● **Information given**
+ + + + + + +

(* Let $f$ be a probability density on $(x_i,x_f)$, $-\infty<x_i<x_f\le\infty$, differentiable with $f'(x)<0$ on $(x_i,x_f)$, and let $\kappa>0$. If $\alpha\in\mathbb{R}\setminus\{2\}$, then $\mathcal{D}_\alpha[f^{[\kappa]}](s)=\big(\mathcal{D}_\alpha[f]\big)^{[\kappa^{\alpha-2}]}(s)$. If $\alpha=2$, then $\mathcal{D}_2[f^{[\kappa]}](s)=\mathcal{D}_2[f](s+\ln\kappa)$.
   Context: For $\kappa>0$ and a function $h$, $h^{[\kappa]}(x)=\kappa\,h(\kappa x)$. Down transform: for a density $f$ on $(x_i,x_f)$ with $f'<0$ and $\alpha\in\mathbb{R}$, $\mathcal{D}_\alpha[f](s)=f(x(s))^\alpha\,|f'(x(s))|^{-1}$, where $x(s)$ is the inverse of the change of variable $s(x)=f(x)^{2-\alpha}/(\alpha-2)$ if $\alpha\neq2$, and $s(x)=-\ln f(x)$ if $\alpha=2$ (in both cases $s'(x)=f^{1-\alpha}(x)|f'(x)|$). *)

From HB Require Import structures.
From mathcomp Require Import all_boot all_order all_algebra.
From mathcomp Require Import all_classical all_reals all_analysis.
Set Implicit Arguments. Unset Strict Implicit. Unset Printing Implicit Defensive.
Import Order.TTheory GRing.Theory Num.Theory.
Import numFieldNormedType.Exports.
Local Open Scope classical_set_scope.
Local Open Scope ring_scope.

Definition openItv {R : realType} (xi : R) (xf : \bar R) : set R :=
  [set x | (xi%:E < x%:E)%E /\ (x%:E < xf)%E].

Definition rescale {R : realType} (k : R) (h : R -> R) : R -> R :=
  fun x => k * h (k * x).

Definition rescaleDom {R : realType} (k : R) (D : set R) : set R :=
  [set x | D (k * x)].

Definition sVar {R : realType} (alpha : R) (f : R -> R) (x : R) : R :=
  if alpha == 2 then - ln (f x) else f x `^ (2 - alpha) / (alpha - 2).

(* x(s): the (unique, as s is strictly monotone) point of D with s(x) = s. *)
Definition xOfS {R : realType} (D : set R) (alpha : R) (f : R -> R) (s : R) : R :=
  get [set x | D x /\ sVar alpha f x = s].

Definition downT {R : realType} (D : set R) (alpha : R) (f : R -> R) (s : R) : R :=
  let x := xOfS D alpha f s in f x `^ alpha / `| derive1 f x |.

Definition downDom {R : realType} (D : set R) (alpha : R) (f : R -> R) : set R :=
  [set s | exists2 x, D x & sVar alpha f x = s].

From HB Require Import structures.
From mathcomp Require Import all_boot all_order all_algebra.
From mathcomp Require Import all_classical all_reals all_analysis.
From mathcomp Require Import ring lra.
Import Order.TTheory GRing.Theory Num.Theory.
Import numFieldNormedType.Exports.
Local Open Scope classical_set_scope.
Local Open Scope ring_scope.

(* Since f is strictly decreasing, hence positive and injective, on its
   domain, the change of variable s = sVar alpha f x is injective, so
   D_alpha[f] (s(x)) = f(x)^alpha / |f'(x)|.  For h = f^[k] one has
   h(x) = k f(kx) and h'(x) = k^2 f'(kx), so with y = kx the value of
   D_alpha[h] at s_h(x) is k^(alpha-2) times the value of D_alpha[f] at
   s_f(y).  It remains to compare the two changes of variable:
   s_h(x) = k^(2-alpha) s_f(y) if alpha <> 2, and s_h(x) = s_f(y) - ln k
   if alpha = 2. *)

Section open_interval.
Context {R : realType} {xi : R} {xf : \bar R}.

Lemma openItv_segment x y :
  openItv xi xf x -> openItv xi xf y -> [set` `[x, y]] `<=` openItv xi xf.
Proof.
move=> [xi_x _] [_ y_xf] z /=; rewrite in_itv /= => /andP[xz zy]; split.
- by rewrite (lt_le_trans xi_x) ?lee_fin.
- by rewrite (le_lt_trans _ y_xf) ?lee_fin.
Qed.

Lemma openItv_gt x : openItv xi xf x -> exists2 y, openItv xi xf y & x < y.
Proof.
move=> [xi_x]; case: xf => [b| |] x_xf; rewrite ?lte_fin in xi_x x_xf *.
- by exists ((x + b) / 2); first split; rewrite ?lte_fin; lra.
- by exists (x + 1); first split; rewrite ?ltry ?lte_fin; lra.
- by rewrite ltNge leNye in x_xf.
Qed.

End open_interval.

Section decreasing.
Context {R : realType} {D : set R} {f : R -> R}.
Hypothesis D_segment : forall x y, D x -> D y -> [set` `[x, y]] `<=` D.
Hypothesis f_derivable : forall x, D x -> derivable f x 1.
Hypothesis f'_lt0 : forall x, D x -> derive1 f x < 0.

Lemma derive1_lt0_decr x y : D x -> D y -> x < y -> f y < f x.
Proof.
move=> Dx Dy xy; have sub_xy := D_segment _ _ Dx Dy.
have in_xy z : z \in `]x, y[ -> D z by move=> /subset_itv_oo_cc/sub_xy.
apply: (@ltr0_derive1_lt_cc _ f x y) => //.
- by move=> z /in_xy /f_derivable.
- by move=> z /in_xy /f'_lt0.
- by apply: derivable_within_continuous => z /sub_xy /f_derivable.
all: by rewrite in_itv /= lexx ltW.
Qed.

Lemma derive1_lt0_inj x y : D x -> D y -> f x = f y -> x = y.
Proof.
move=> Dx Dy fxy; case: (ltgtP x y) => // [xy|yx].
- by move: (derive1_lt0_decr _ _ Dx Dy xy); rewrite fxy ltxx.
- by move: (derive1_lt0_decr _ _ Dy Dx yx); rewrite fxy ltxx.
Qed.

Lemma derive1_lt0_gt0 :
  (forall x, D x -> 0 <= f x) -> (forall x, D x -> exists2 y, D y & x < y) ->
  forall x, D x -> 0 < f x.
Proof.
move=> f_ge0 D_gt x Dx; have [y Dy xy] := D_gt x Dx.
exact: le_lt_trans (f_ge0 y Dy) (derive1_lt0_decr _ _ Dx Dy xy).
Qed.

End decreasing.

(* [sVar alpha f x] is convertible to [sVar alpha id (f x)]. *)
Lemma sVar_id_inj {R : realType} (alpha : R) :
  {in Num.pos &, injective (sVar alpha id)}.
Proof.
move=> a b a_gt0 b_gt0; rewrite /sVar; case: eqP => [_ /oppr_inj|/eqP a2 ab].
  exact: ln_inj.
have a2_neq0 : alpha - 2 != 0 by rewrite subr_eq0.
have a2'_neq0 : 2 - alpha != 0 by rewrite subr_eq0 eq_sym.
have /(congr1 (@ln R)) : a `^ (2 - alpha) = b `^ (2 - alpha).
  exact: (mulIf (invr_neq0 a2_neq0)).
by rewrite !ln_powR => /(mulfI a2'_neq0); apply: ln_inj.
Qed.

Section change_of_variable.
Context {R : realType} {D : set R} (alpha : R) {f : R -> R}.
Hypothesis f_gt0 : forall x, D x -> 0 < f x.
Hypothesis f_inj : forall x y, D x -> D y -> f x = f y -> x = y.

Lemma sVar_inj x y : D x -> D y -> sVar alpha f x = sVar alpha f y -> x = y.
Proof.
move=> Dx Dy /(sVar_id_inj alpha _ _ (f_gt0 _ Dx) (f_gt0 _ Dy)); exact: f_inj.
Qed.

Lemma xOfS_sVar x : D x -> xOfS D alpha f (sVar alpha f x) = x.
Proof.
move=> Dx; rewrite /xOfS.
have [Dy sy] := @getPex _ [set y | D y /\ sVar alpha f y = sVar alpha f x]
  (ex_intro _ x (conj Dx erefl)).
exact: sVar_inj.
Qed.

Lemma downT_sVar x :
  D x -> downT D alpha f (sVar alpha f x) = f x `^ alpha / `|derive1 f x|.
Proof. by move=> Dx; rewrite /downT xOfS_sVar. Qed.

End change_of_variable.

Section rescale.
Context {R : realType} {k : R} {f : R -> R}.
Hypothesis k_gt0 : 0 < k.

Lemma derive1_rescale x :
  derivable f (k * x) 1 -> derive1 (rescale k f) x = k ^+ 2 * derive1 f (k * x).
Proof.
move=> df.
have dk : derivable (fun y : R => k * y) x 1.
  by apply/derivable1_diffP; apply: differentiableM.
have dfk : derivable (f \o (fun y => k * y)) x 1.
  by apply/derivable1_diffP; apply: differentiable_comp; apply/derivable1_diffP.
rewrite /rescale (derive1Ml (f := f \o (fun y => k * y))) // derive1_comp //.
rewrite (derive1Ml (f := id)) ?derive1_id ?mulr1; last exact: derivable_id.
by rewrite mulrCA mulrC expr2.
Qed.

Lemma sVar_rescale alpha x : alpha != 2 -> 0 < f (k * x) ->
  sVar alpha (rescale k f) x = k `^ (2 - alpha) * sVar alpha f (k * x).
Proof.
by move=> /negbTE a2 fkx_gt0; rewrite /sVar a2 /rescale powRM ?ltW // mulrA.
Qed.

Lemma sVar2_rescale x : 0 < f (k * x) ->
  sVar 2 (rescale k f) x = sVar 2 f (k * x) - ln k.
Proof.
by move=> fkx_gt0; rewrite /sVar eqxx /rescale lnM ?posrE // opprD addrC.
Qed.

Context {D : set R}.
Hypothesis f_derivable : forall x, D x -> derivable f x 1.
Hypothesis f_gt0 : forall x, D x -> 0 < f x.
Hypothesis f_inj : forall x y, D x -> D y -> f x = f y -> x = y.

Lemma downT_rescale_sVar alpha x : D (k * x) ->
  downT (rescaleDom k D) alpha (rescale k f) (sVar alpha (rescale k f) x)
  = k `^ (alpha - 2) * downT D alpha f (sVar alpha f (k * x)).
Proof.
move=> Dkx; have k_neq0 : k != 0 by rewrite gt_eqF.
have rf_gt0 y : rescaleDom k D y -> 0 < rescale k f y.
  by move=> Dky; rewrite mulr_gt0 ?f_gt0.
have rf_inj y z : rescaleDom k D y -> rescaleDom k D z ->
    rescale k f y = rescale k f z -> y = z.
  by move=> Dky Dkz /(mulfI k_neq0) /(f_inj _ _ Dky Dkz) /(mulfI k_neq0).
rewrite (downT_sVar alpha rf_gt0 rf_inj) // (downT_sVar alpha f_gt0 f_inj) //.
rewrite derive1_rescale; last exact: f_derivable.
rewrite /rescale powRM ?ltW ?f_gt0 //.
have -> : k `^ alpha = k `^ (alpha - 2) * k ^+ 2.
  by rewrite -powR_mulrn ?ltW // -powRD ?k_neq0 ?implybT // subrK.
rewrite normrM normrX gtr0_norm //.
have [->|f'_neq0] := eqVneq `|derive1 f (k * x)| 0.
  by rewrite !(mulr0, invr0).
by field; rewrite f'_neq0 k_neq0.
Qed.

End rescale.

Theorem proposition1 (R : realType) (xi : R) (xf : \bar R) (f : R -> R) (k alpha : R) :
  (xi%:E < xf)%E ->
  (forall x, openItv xi xf x -> 0 <= f x) ->
  (\int[lebesgue_measure]_(x in openItv xi xf) (f x)%:E = 1)%E ->
  (forall x, openItv xi xf x -> derivable f x 1) ->
  (forall x, openItv xi xf x -> derive1 f x < 0) ->
  0 < k ->
  (alpha != 2 ->
     forall s, downDom (rescaleDom k (openItv xi xf)) alpha (rescale k f) s ->
       downT (rescaleDom k (openItv xi xf)) alpha (rescale k f) s
       = rescale (k `^ (alpha - 2)) (downT (openItv xi xf) alpha f) s) /\
  (alpha = 2 ->
     forall s, downDom (rescaleDom k (openItv xi xf)) 2 (rescale k f) s ->
       downT (rescaleDom k (openItv xi xf)) 2 (rescale k f) s
       = downT (openItv xi xf) 2 f (s + ln k)).
Proof.
move=> _ f_ge0 _ f_derivable f'_lt0 k_gt0.
have f_gt0 :=
  derive1_lt0_gt0 openItv_segment f_derivable f'_lt0 f_ge0 openItv_gt.
have f_inj := derive1_lt0_inj openItv_segment f_derivable f'_lt0.
have downT_rescale := downT_rescale_sVar k_gt0 f_derivable f_gt0 f_inj.
split=> [a2|_] s [x Dkx <-]; rewrite downT_rescale //.
- rewrite /rescale (sVar_rescale k_gt0 _ _ a2 (f_gt0 _ Dkx)) mulrA -powRD.
    by rewrite subrKA subrr powRr0 mul1r.
  by rewrite (gt_eqF k_gt0) implybT.
- by rewrite (sVar2_rescale k_gt0 _ (f_gt0 _ Dkx)) subrK subrr powRr0 mul1r.
Qed.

+ + + + + + +

● **Try it**
Copy range, inclusive: the line holding "derivable f (k" to the line holding "rescale k f y = rescale k f z -> y = z.". Reproduce exactly those lines of the records above and no others.

● **Response**
  derivable f (k * x) 1 -> derive1 (rescale k f) x = k ^+ 2 * derive1 f (k * x).
Proof.
move=> df.
have dk : derivable (fun y : R => k * y) x 1.
  by apply/derivable1_diffP; apply: differentiableM.
have dfk : derivable (f \o (fun y => k * y)) x 1.
  by apply/derivable1_diffP; apply: differentiable_comp; apply/derivable1_diffP.
rewrite /rescale (derive1Ml (f := f \o (fun y => k * y))) // derive1_comp //.
rewrite (derive1Ml (f := id)) ?derive1_id ?mulr1; last exact: derivable_id.
by rewrite mulrCA mulrC expr2.
Qed.

Lemma sVar_rescale alpha x : alpha != 2 -> 0 < f (k * x) ->
  sVar alpha (rescale k f) x = k `^ (2 - alpha) * sVar alpha f (k * x).
Proof.
by move=> /negbTE a2 fkx_gt0; rewrite /sVar a2 /rescale powRM ?ltW // mulrA.
Qed.

Lemma sVar2_rescale x : 0 < f (k * x) ->
  sVar 2 (rescale k f) x = sVar 2 f (k * x) - ln k.
Proof.
by move=> fkx_gt0; rewrite /sVar eqxx /rescale lnM ?posrE // opprD addrC.
Qed.

Context {D : set R}.
Hypothesis f_derivable : forall x, D x -> derivable f x 1.
Hypothesis f_gt0 : forall x, D x -> 0 < f x.
Hypothesis f_inj : forall x y, D x -> D y -> f x = f y -> x = y.

Lemma downT_rescale_sVar alpha x : D (k * x) ->
  downT (rescaleDom k D) alpha (rescale k f) (sVar alpha (rescale k f) x)
  = k `^ (alpha - 2) * downT D alpha f (sVar alpha f (k * x)).
Proof.
move=> Dkx; have k_neq0 : k != 0 by rewrite gt_eqF.
have rf_gt0 y : rescaleDom k D y -> 0 < rescale k f y.
  by move=> Dky; rewrite mulr_gt0 ?f_gt0.
have rf_inj y z : rescaleDom k D y -> rescaleDom k D z ->
    rescale k f y = rescale k f z -> y = z.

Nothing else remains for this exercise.